─── Excerpted records ───

(* Let $d\ge 3$. For $1\le i\le d$ let $h_i=a_1a_2\cdots a_{i-1}a_ia_{i-1}\cdots a_3a_2$ (so $h_1=a_1$, $h_2=a_1a_2$, $h_3=a_1a_2a_3a_2$, etc.). Then $h_i$ has infinite order in $G_d$ for every $1\le i\le d$.
   Context: Let $d\ge 3$, $X=\{1,\dots,d\}$, $T$ the $d$-regular rooted tree with vertex set $X^*$. $\mathrm{Aut}(T)$ is the group of root-preserving automorphisms with product left-to-right: $(gh)(u)=h(g(u))$. Sections $g|_u$ are defined by $g(uv)=g(u)\,g|_u(v)$; we write $g=(g|_1,\dots,g|_d)\lambda_g$ with $\lambda_g\in S_d$ the action on the first level; $e$ is the identity; $\overline{j}\in\{1,\dots,d\}$ denotes $j$ mod $d$. $G_d=\langle a_1,\dots,a_d\rangle\le\mathrm{Aut}(T)$ where $a_i$ acts on the first level as $(i\ \overline{i+1})$, with $a_i|_i=a_i$, $a_i|_{\overline{i+1}}=a_{\overline{i+1}}$, and $a_i|_x=e$ otherwise. *)

From mathcomp Require Import all_boot.
Set Implicit Arguments. Unset Strict Implicit. Unset Printing Implicit Defensive.

(* Alphabet X = {1,...,d} is encoded as 'I_d (letter k : 'I_d stands for k+1).
   Vertices of the d-regular rooted tree T are words u : seq 'I_d.
   The cyclic successor  j |-> \overline{j+1}  is [ordS]. *)

(* Action of the generator a_i on a vertex:
   a_i (x w) = (i i+1)(x) . (a_i|_x)(w), with a_i|_i = a_i, a_i|_{i+1} = a_{i+1},
   and a_i|_x = e otherwise. *)
Fixpoint gen_act (d : nat) (i : 'I_d) (w : seq 'I_d) : seq 'I_d :=
  match w with
  | [::] => [::]
  | x :: w' =>
      if x == i then ordS i :: gen_act i w'
      else if x == ordS i then i :: gen_act (ordS i) w'
      else x :: w'
  end.

(* An element of G_d given as a word s = [:: i1; ...; ik] in the generators,
   i.e. the product a_{i1} a_{i2} ... a_{ik}.  Products are left-to-right:
   (gh)(u) = h(g(u)), so a_{i1} acts first. *)
Definition word_act (d : nat) (s : seq 'I_d) (u : seq 'I_d) : seq 'I_d :=
  foldl (fun v i => gen_act i v) u s.

(* h_i = a_1 a_2 ... a_{i-1} a_i a_{i-1} ... a_3 a_2  (0-based index i : 'I_d):
   generators with index <= i in increasing order, then those with
   0 < index < i in decreasing order. *)
Definition h_word (d : nat) (i : 'I_d) : seq 'I_d :=
  [seq x <- enum 'I_d | (nat_of_ord x <= nat_of_ord i)%N]
  ++ rev [seq x <- enum 'I_d | (0 < nat_of_ord x < nat_of_ord i)%N].

Definition infinite_order (d : nat) (g : seq 'I_d -> seq 'I_d) : Prop :=
  forall n : nat, (0 < n)%N -> exists u : seq 'I_d, iter n g u <> u.

From mathcomp Require Import all_boot zify.
Set Implicit Arguments. Unset Strict Implicit. Unset Printing Implicit Defensive.

(* An element given as a word s in the generators acts on a vertex x w by
   sending the first letter x to s(x) and w to s|_x(w); both the permutation
   of the first level and the section word are computable letter by letter.
   If x lies on a cycle of length m of s on the first level and the section of
   s^m at x is t, then s^n moves the letter x when m does not divide n, and
   otherwise fixes x with section t^(n/m); so t of infinite order forces s of
   infinite order.  In the paper's numbering, h_1 has the 2-cycle (1 2) and
   h_1^2|_1 = h_2; for 1 < i < d, h_i has the 3-cycle (1 i+1 2) and
   h_i^3|_1 = h_(i+1); h_d fixes 1 with section g = a_1 a_2 ... a_d.  Finally
   g has the (d-1)-cycle (2 d d-1 ... 3) with section t = a_2 a_1 a_d ... a_3,
   and t has the (d-1)-cycle (1 2 4 5 ... d) with section g; since d - 1 >= 2
   the exponent strictly drops along this loop, so g and t, and hence every
   h_i, have infinite order. *)

Definition word_pow (T : Type) (s : seq T) (m : nat) : seq T := flatten (nseq m s).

───

What you are asked to do:
Which lines of the data include the string "element"? Copy each of them.

Finished task:
(* An element of G_d given as a word s = [:: i1; ...; ik] in the generators,
(* An element given as a word s in the generators acts on a vertex x w by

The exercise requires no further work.